THE TASK |
In the records that follow, the lines from the one containing "Inductive spin := Minus | Zero | Plus." to the one containing "J / 2%:R * (\sum_(i", inclusive, are to be given again exactly.

Extracted records |

(* Assume Condition (C) and $\lambda/2<h<\lambda$. If $\eta\in\mathcal X$ contains either a cluster of pluses having a convex side of length $l_1<\frac{2J}{\lambda+h}$, or a cluster of minuses having a convex side of length $l_2<\frac{2J}{\lambda-h}$, then $V_\eta<2J$.
   Context: Let $\Lambda=\{1,\dots,L\}^2$, $\mathcal X=\{-1,0,+1\}^\Lambda$, $\partial^-\Lambda$ the sites of $\Lambda$ with a nearest neighbour outside $\Lambda$. Hamiltonian: $H(\eta)=\frac J2\sum_{i,j\in\Lambda,|i-j|=1}[\eta(i)-\eta(j)]^2+J\sum_{i\in\partial^-\Lambda}\sum_{j\notin\Lambda,|i-j|=1}\eta(i)^2-\lambda\sum_{i}\eta(i)^2-h\sum_i\eta(i)$. Condition (C): $J$ sufficiently large compared to $\lambda,h>0$; $L>(2J/(\lambda-h))^3$; none of $\tfrac{2J}{\lambda+h},\tfrac{2J}{\lambda-h},\tfrac{2J+\lambda-h}{\lambda+h},\tfrac{J+\lambda+h}{h}$ is an integer. Clusters of pluses (resp. minuses) of $\eta$ are the maximal connected components of the union of the closed unit squares centred at sites with spin $+1$ (resp. $-1$). The boundary of a cluster is a union of maximal straight segments (sides); the length of a side is the number of unit edges it contains. A corner of the boundary is convex if the interior angle of the cluster there is a right angle, concave otherwise; a side is convex if both its endpoints are convex corners. $V_\eta=\Phi(\eta,\{\zeta:H(\zeta)<H(\eta)\})-H(\eta)$, where $\Phi(\eta,A)$ is the minimum over paths (sequences of single-site changes) from $\eta$ to $A$ of the max of $H$ along the path. *)

(* Blume-Capel model on the box Lambda = {0..L-1}^2
   (a harmless shift of {1..L}^2). *)
From HB Require Import structures.
From mathcomp Require Import all_boot all_order all_algebra.
From mathcomp Require Import reals.
Set Implicit Arguments. Unset Strict Implicit. Unset Printing Implicit Defensive.
Import Order.TTheory GRing.Theory Num.Theory.
Local Open Scope ring_scope.

Inductive spin := Minus | Zero | Plus.

Definition spin_eqb (a b : spin) : bool :=
  match a, b with
  | Minus, Minus | Zero, Zero | Plus, Plus => true
  | _, _ => false
  end.

Lemma spin_eqP : Equality.axiom spin_eqb.
Proof. by case; case; constructor. Qed.

HB.instance Definition _ := hasDecEq.Build spin spin_eqP.

Definition sval {R : nzRingType} (s : spin) : R :=
  match s with Minus => -1 | Zero => 0 | Plus => 1 end.

Definition site (L : nat) := ('I_L * 'I_L)%type.
Definition config (L : nat) := site L -> spin.

Definition nn (L : nat) (i j : site L) : bool :=
  (((i.1 : nat) == j.1) && (((i.2 : nat) == (j.2 : nat).+1) || ((j.2 : nat) == (i.2 : nat).+1)))
  || (((i.2 : nat) == j.2) && (((i.1 : nat) == (j.1 : nat).+1) || ((j.1 : nat) == (i.1 : nat).+1))).

(* number of nearest neighbours of i lying outside Lambda
   (nonzero exactly for i in the inner boundary of Lambda) *)
Definition n_out (L : nat) (i : site L) : nat :=
  ((i.1 : nat) == 0%N) + ((i.1 : nat) == L.-1) + ((i.2 : nat) == 0%N) + ((i.2 : nat) == L.-1).

Definition Ham {R : fieldType} (J lam h : R) (L : nat) (eta : config L) : R :=
  J / 2%:R * (\sum_(i : site L) \sum_(j : site L | nn i j) (sval (eta i) - sval (eta j)) ^+ 2)
  + J * (\sum_(i : site L) (n_out i)%:R * sval (eta i) ^+ 2)
  - lam * (\sum_(i : site L) sval (eta i) ^+ 2)
  - h * (\sum_(i : site L) sval (eta i)).

(* closed unit squares centred at i and j intersect iff the sites are at
   sup-distance <= 1 *)
Definition sq_touch (L : nat) (i j : site L) : bool :=
  [&& (i.1 <= (j.1 : nat).+1)%N, (j.1 <= (i.1 : nat).+1)%N,
      (i.2 <= (j.2 : nat).+1)%N & (j.2 <= (i.2 : nat).+1)%N].

Definition spin_rel (L : nat) (eta : config L) (sigma : spin) : rel (site L) :=
  fun i j => [&& eta i == sigma, eta j == sigma & sq_touch i j].

(* C is a cluster of spins sigma (sigma = Plus / Minus) of eta:
   a connected component of the union of the squares of sigma-sites *)
Definition is_cluster (L : nat) (eta : config L) (sigma : spin) (C : {set site L}) : Prop :=
  exists x : site L, eta x = sigma /\ C = [set y | connect (spin_rel eta sigma) x y].

Definition inC (L : nat) (C : {set site L}) (p : int * int) : bool :=
  [exists s in C, (Posz s.1 == p.1) && (Posz s.2 == p.2)].

Definition axis_dirs : seq (int * int) := [:: (1, 0); (-1, 0); (0, 1); (0, -1)].

Definition shift (p d : int * int) (k : int) : int * int :=
  (p.1 + k * d.1, p.2 + k * d.2).

(* A side of the boundary of C: the sites p, p+d, ..., p+(l-1)d lie in C, the
   sites across the (outward) normal n do not; the unit edges separating them
   form a straight boundary segment of length l, maximal in direction +-d. *)
Definition is_side (L : nat) (C : {set site L}) (p d n : int * int) (l : nat) : Prop :=
  [/\ [&& d \in axis_dirs, n \in axis_dirs & d.1 * n.1 + d.2 * n.2 == 0],
      (0 < l)%N,
      (forall k : nat, (k < l)%N ->
          inC C (shift p d k%:Z) && ~~ inC C (shift (shift p d k%:Z) n 1)),
      ~~ (inC C (shift p d (-1)) && ~~ inC C (shift (shift p d (-1)) n 1))
    & ~~ (inC C (shift p d l%:Z) && ~~ inC C (shift (shift p d l%:Z) n 1))].

(* both endpoints are convex corners (interior angle of C is a right angle):
   the boundary turns towards the outward normal, i.e. the square adjacent to
   the end of the side, on the line of the side, is not in C *)
Definition convex_side (L : nat) (C : {set site L}) (p d n : int * int) (l : nat) : Prop :=
  is_side C p d n l /\ ~~ inC C (shift p d (-1)) /\ ~~ inC C (shift p d l%:Z).

Definition has_convex_side_of_length (L : nat) (C : {set site L}) (l : nat) : Prop :=
  exists p d n, convex_side C p d n l.

Definition single_flip (L : nat) (a b : config L) : Prop :=
  exists s : site L, a s <> b s /\ forall t, t <> s -> a t = b t.

Fixpoint is_path (L : nat) (a : config L) (p : seq (config L)) : Prop :=
  match p with
  | [::] => True
  | b :: q => single_flip a b /\ is_path b q
  end.

Definition path_max {R : realDomainType} (L : nat) (f : config L -> R)
  (a : config L) (p : seq (config L)) : R :=
  foldr Num.max (f a) (map f p).

(* "V_eta < c" where V_eta = Phi(eta, {zeta : H zeta < H eta}) - H eta and
   Phi(eta, A) = min over paths from eta to A of the max of H along the path:
   min_{paths} (max H) - H eta < c  iff  some such path has max H - H eta < c. *)
Definition V_lt {R : realFieldType} (J lam h : R) (L : nat) (eta : config L) (c : R) : Prop :=
  exists p : seq (config L),
    [/\ is_path eta p,
        Ham J lam h (last eta p) < Ham J lam h eta
      & path_max (@Ham R J lam h L) eta p - Ham J lam h eta < c].

Definition not_integer {R : nzRingType} (x : R) : Prop := forall z : int, x <> z%:~R.

From Pilot Require Import Defs.
From HB Require Import structures.
From mathcomp Require Import all_boot all_order all_algebra.
From mathcomp Require Import reals.
From mathcomp Require Import zify ring lra.
Set Implicit Arguments. Unset Strict Implicit. Unset Printing Implicit Defensive.
Import Order.TTheory GRing.Theory Num.Theory.
Local Open Scope ring_scope.

(* Let s_0, ..., s_{l-1} be the sites of the side and flip them to 0
   one at a time, in this order.  Removing a spin sigma costs c in the
   single-site terms and J (2 sigma x - 1) for each neighbouring spin x.  When
   s_k is flipped, the neighbour behind it (s_{k-1}, or the point beyond the
   first convex corner) and the neighbour across the side carry no sigma, so
   the step costs at most c; at the last step the point beyond the second
   convex corner carries no sigma either, which saves 2J.  Along the path
   H - H(eta) <= k c < 2J, and at the end H - H(eta) <= l c - 2J < 0. *)

(* The numerical value of a spin (the name sval alone denotes the projection of
   sigma types). *)
Local Notation sv := Defs.sval.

SOLUTION FOR THIS TASK |
Inductive spin := Minus | Zero | Plus.

Definition spin_eqb (a b : spin) : bool :=
  match a, b with
  | Minus, Minus | Zero, Zero | Plus, Plus => true
  | _, _ => false
  end.

Lemma spin_eqP : Equality.axiom spin_eqb.
Proof. by case; case; constructor. Qed.

HB.instance Definition _ := hasDecEq.Build spin spin_eqP.

Definition sval {R : nzRingType} (s : spin) : R :=
  match s with Minus => -1 | Zero => 0 | Plus => 1 end.

Definition site (L : nat) := ('I_L * 'I_L)%type.
Definition config (L : nat) := site L -> spin.

Definition nn (L : nat) (i j : site L) : bool :=
  (((i.1 : nat) == j.1) && (((i.2 : nat) == (j.2 : nat).+1) || ((j.2 : nat) == (i.2 : nat).+1)))
  || (((i.2 : nat) == j.2) && (((i.1 : nat) == (j.1 : nat).+1) || ((j.1 : nat) == (i.1 : nat).+1))).

(* number of nearest neighbours of i lying outside Lambda
   (nonzero exactly for i in the inner boundary of Lambda) *)
Definition n_out (L : nat) (i : site L) : nat :=
  ((i.1 : nat) == 0%N) + ((i.1 : nat) == L.-1) + ((i.2 : nat) == 0%N) + ((i.2 : nat) == L.-1).

Definition Ham {R : fieldType} (J lam h : R) (L : nat) (eta : config L) : R :=
  J / 2%:R * (\sum_(i : site L) \sum_(j : site L | nn i j) (sval (eta i) - sval (eta j)) ^+ 2)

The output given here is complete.